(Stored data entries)
=== Begin Enclosure ===
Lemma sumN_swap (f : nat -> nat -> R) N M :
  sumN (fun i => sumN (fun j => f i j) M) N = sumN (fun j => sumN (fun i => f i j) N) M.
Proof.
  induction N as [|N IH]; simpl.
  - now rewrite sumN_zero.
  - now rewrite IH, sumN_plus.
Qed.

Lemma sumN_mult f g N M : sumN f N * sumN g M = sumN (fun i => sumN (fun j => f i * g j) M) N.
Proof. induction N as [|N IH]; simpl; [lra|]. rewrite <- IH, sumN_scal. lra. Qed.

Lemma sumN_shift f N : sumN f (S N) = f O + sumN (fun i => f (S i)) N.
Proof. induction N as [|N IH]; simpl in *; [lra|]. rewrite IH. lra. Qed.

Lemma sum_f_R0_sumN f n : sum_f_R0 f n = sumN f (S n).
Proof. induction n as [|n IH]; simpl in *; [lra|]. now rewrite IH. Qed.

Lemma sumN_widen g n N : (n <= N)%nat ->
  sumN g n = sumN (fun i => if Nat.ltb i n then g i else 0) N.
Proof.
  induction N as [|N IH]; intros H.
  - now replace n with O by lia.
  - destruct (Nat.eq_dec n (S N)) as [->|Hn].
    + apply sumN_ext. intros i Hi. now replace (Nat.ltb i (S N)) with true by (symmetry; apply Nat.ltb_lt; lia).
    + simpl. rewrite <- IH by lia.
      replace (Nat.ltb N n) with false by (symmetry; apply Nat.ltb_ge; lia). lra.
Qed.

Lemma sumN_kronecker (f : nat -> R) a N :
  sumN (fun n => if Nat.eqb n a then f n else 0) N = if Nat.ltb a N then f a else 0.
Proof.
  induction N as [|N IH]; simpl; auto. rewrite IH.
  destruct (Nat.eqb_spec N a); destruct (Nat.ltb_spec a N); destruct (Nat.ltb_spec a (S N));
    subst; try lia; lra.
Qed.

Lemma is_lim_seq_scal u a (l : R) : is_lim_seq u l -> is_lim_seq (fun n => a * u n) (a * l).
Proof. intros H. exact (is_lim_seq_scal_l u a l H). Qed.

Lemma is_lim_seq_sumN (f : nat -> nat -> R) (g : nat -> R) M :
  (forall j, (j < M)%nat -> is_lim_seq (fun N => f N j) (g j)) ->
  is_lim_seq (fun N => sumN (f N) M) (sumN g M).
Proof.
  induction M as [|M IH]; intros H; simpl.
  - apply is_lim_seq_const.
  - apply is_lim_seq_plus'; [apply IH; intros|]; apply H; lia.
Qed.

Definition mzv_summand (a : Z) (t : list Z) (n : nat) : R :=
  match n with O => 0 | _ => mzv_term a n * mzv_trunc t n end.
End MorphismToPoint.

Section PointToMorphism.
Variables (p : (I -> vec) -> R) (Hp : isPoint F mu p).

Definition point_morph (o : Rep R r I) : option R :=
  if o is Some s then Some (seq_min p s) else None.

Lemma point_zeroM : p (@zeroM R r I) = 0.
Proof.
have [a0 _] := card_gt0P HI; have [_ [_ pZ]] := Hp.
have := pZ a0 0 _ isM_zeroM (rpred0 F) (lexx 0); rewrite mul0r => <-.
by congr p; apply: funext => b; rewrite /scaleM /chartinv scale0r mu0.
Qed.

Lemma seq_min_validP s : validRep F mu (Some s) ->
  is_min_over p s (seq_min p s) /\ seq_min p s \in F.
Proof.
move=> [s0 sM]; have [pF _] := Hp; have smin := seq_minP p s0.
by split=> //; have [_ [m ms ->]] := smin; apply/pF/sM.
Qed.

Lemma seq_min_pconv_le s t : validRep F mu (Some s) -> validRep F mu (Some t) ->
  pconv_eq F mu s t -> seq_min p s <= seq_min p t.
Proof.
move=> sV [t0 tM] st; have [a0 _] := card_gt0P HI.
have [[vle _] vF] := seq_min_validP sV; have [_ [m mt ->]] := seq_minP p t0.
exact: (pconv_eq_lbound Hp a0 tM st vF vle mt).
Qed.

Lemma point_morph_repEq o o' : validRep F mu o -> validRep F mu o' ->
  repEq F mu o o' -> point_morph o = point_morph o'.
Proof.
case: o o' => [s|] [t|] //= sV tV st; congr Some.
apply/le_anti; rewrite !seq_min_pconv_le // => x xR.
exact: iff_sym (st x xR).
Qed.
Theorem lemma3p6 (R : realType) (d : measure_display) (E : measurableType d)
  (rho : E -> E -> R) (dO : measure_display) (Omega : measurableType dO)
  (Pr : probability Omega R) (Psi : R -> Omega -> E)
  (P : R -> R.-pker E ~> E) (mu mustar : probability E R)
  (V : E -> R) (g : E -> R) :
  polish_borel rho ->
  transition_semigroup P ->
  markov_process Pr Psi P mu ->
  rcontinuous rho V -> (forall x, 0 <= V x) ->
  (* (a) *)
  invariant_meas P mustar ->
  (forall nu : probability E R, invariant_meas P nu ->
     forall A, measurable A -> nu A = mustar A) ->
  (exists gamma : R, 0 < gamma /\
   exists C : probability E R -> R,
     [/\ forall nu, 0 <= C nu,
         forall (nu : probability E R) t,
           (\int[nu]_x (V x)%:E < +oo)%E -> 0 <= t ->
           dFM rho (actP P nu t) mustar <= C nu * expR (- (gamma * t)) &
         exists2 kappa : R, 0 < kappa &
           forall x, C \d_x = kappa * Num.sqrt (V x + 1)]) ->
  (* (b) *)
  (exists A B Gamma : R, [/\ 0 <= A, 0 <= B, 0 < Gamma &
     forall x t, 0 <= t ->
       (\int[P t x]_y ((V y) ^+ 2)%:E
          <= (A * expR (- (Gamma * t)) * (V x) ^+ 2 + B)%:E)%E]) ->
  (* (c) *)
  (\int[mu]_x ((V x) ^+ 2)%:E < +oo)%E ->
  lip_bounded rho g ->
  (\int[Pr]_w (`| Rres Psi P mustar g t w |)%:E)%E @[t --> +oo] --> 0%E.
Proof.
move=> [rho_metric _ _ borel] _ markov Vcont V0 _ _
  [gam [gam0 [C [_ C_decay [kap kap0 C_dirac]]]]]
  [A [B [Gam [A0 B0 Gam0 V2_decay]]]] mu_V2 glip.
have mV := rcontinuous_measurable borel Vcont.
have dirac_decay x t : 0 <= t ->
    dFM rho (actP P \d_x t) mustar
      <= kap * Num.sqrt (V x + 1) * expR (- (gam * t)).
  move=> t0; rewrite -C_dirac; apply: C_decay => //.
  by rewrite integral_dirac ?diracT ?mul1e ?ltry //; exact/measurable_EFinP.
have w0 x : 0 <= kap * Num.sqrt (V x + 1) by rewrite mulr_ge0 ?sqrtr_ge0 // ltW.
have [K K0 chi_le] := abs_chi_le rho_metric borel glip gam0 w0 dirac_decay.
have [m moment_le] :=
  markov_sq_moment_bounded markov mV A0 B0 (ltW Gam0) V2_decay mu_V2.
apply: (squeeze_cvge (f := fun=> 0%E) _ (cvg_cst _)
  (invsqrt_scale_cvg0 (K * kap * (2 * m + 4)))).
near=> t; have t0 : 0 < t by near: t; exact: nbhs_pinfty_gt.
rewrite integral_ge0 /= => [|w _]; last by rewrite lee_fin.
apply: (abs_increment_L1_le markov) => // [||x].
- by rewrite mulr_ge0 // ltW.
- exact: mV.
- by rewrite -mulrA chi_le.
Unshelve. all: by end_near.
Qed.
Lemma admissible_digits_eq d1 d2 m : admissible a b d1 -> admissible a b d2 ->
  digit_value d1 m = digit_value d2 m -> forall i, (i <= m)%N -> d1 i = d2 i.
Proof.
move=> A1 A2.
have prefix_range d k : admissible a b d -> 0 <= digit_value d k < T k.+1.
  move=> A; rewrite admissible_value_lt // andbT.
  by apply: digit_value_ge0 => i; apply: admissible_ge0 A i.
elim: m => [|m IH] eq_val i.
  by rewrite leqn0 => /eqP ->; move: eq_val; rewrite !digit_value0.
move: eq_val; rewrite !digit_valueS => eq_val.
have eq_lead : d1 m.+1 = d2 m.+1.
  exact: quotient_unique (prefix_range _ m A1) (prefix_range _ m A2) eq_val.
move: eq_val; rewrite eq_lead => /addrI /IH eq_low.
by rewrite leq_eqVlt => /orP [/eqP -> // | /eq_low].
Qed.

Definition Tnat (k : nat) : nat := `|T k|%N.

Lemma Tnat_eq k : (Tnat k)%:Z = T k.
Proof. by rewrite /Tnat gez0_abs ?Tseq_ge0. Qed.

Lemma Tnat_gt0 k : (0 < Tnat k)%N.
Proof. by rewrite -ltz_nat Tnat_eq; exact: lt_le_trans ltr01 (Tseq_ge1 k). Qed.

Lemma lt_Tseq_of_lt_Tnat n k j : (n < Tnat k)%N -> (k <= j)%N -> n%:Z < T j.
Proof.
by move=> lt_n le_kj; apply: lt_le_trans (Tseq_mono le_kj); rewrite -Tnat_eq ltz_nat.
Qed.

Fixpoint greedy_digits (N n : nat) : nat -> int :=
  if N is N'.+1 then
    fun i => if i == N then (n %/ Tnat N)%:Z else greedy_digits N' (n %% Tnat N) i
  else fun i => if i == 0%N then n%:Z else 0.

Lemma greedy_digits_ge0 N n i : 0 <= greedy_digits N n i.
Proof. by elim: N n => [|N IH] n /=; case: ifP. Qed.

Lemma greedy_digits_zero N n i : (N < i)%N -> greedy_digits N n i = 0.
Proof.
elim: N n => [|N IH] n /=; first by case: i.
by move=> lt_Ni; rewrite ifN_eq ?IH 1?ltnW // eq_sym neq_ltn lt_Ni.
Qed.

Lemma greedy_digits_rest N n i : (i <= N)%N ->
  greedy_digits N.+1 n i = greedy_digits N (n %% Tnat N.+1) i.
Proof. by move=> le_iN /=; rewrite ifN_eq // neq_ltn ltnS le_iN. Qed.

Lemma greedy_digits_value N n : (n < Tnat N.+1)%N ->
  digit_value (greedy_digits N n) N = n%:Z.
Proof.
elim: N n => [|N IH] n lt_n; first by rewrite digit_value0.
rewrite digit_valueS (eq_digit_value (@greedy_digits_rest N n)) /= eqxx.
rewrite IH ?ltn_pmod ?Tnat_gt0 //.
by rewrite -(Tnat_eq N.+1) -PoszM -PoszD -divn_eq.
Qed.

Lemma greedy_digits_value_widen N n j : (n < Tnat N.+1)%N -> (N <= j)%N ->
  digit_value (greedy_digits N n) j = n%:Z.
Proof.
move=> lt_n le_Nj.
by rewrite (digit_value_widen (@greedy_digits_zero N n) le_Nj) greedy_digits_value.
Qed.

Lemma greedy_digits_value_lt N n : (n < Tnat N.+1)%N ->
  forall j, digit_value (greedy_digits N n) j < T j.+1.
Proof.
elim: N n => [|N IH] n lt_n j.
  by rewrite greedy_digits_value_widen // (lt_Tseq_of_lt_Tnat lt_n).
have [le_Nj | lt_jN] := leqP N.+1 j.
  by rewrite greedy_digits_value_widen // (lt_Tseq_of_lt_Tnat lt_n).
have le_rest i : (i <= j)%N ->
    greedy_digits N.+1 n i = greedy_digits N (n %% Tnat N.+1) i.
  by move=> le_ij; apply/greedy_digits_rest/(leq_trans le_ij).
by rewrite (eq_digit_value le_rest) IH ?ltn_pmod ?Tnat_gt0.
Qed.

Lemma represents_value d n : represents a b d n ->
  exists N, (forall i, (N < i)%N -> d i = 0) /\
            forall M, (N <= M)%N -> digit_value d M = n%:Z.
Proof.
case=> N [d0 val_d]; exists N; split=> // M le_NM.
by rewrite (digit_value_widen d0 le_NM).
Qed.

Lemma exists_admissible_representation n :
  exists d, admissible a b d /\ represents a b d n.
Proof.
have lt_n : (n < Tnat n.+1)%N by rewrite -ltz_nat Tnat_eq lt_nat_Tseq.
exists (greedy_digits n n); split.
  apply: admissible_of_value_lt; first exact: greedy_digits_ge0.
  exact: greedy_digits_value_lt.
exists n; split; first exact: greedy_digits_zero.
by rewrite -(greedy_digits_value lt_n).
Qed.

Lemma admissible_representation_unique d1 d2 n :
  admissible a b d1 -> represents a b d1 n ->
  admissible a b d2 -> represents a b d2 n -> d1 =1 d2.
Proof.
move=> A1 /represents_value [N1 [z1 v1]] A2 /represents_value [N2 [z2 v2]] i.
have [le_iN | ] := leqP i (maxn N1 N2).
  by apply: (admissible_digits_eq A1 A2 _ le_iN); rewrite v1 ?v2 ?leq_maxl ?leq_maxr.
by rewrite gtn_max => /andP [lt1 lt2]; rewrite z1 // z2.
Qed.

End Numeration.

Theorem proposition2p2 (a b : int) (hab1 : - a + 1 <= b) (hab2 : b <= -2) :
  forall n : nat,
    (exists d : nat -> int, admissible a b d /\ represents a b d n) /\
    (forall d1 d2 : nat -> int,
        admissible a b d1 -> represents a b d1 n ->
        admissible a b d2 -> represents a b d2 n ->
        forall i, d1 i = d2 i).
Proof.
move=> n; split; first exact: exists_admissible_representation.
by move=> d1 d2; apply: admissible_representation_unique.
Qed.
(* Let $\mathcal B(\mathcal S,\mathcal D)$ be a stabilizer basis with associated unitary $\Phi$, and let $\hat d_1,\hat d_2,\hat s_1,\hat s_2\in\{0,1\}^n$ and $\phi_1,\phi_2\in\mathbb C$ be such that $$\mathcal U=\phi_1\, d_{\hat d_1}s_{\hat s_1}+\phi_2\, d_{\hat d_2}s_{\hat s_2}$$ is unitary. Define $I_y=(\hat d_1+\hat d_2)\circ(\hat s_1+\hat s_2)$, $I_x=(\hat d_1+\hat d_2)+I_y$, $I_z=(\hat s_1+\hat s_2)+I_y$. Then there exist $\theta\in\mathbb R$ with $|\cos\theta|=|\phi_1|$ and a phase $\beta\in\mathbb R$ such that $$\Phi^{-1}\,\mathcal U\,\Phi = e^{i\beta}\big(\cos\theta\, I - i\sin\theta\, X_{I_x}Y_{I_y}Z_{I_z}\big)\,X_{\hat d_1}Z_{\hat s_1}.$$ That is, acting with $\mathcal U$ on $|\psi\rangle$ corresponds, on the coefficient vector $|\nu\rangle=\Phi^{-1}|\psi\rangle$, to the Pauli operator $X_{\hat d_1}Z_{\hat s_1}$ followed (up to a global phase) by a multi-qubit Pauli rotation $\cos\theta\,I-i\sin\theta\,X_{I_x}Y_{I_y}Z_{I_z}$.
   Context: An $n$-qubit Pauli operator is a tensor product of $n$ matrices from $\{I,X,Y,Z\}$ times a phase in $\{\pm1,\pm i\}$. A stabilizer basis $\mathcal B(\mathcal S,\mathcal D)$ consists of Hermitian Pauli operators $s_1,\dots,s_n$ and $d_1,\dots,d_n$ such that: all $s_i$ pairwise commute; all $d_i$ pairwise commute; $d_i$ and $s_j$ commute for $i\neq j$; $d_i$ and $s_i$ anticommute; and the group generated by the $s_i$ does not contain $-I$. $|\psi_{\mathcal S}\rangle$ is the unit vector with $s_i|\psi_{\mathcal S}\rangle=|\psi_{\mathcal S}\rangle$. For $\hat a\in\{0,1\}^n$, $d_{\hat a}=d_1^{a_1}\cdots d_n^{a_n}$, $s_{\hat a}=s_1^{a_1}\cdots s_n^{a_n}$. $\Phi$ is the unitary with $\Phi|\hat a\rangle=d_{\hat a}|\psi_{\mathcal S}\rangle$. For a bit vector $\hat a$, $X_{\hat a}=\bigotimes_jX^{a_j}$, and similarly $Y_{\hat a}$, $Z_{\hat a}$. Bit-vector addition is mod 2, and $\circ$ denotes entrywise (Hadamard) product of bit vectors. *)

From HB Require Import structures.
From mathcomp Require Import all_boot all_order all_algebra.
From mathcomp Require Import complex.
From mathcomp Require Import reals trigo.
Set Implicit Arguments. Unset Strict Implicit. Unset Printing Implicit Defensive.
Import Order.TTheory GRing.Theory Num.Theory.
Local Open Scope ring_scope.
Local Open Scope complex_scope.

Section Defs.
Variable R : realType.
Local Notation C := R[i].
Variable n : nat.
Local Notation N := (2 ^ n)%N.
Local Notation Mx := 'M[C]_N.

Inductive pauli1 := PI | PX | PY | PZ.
=== End Enclosure ===
▶ **EXERCISE DESCRIPTION**
Filter on the word "symmetry": copy each matching line from the entries above.

▶ **FINISHED EXERCISE**
    + apply sumN_ext. intros i Hi. now replace (Nat.ltb i (S N)) with true by (symmetry; apply Nat.ltb_lt; lia).
      replace (Nat.ltb N n) with false by (symmetry; apply Nat.ltb_ge; lia). lra.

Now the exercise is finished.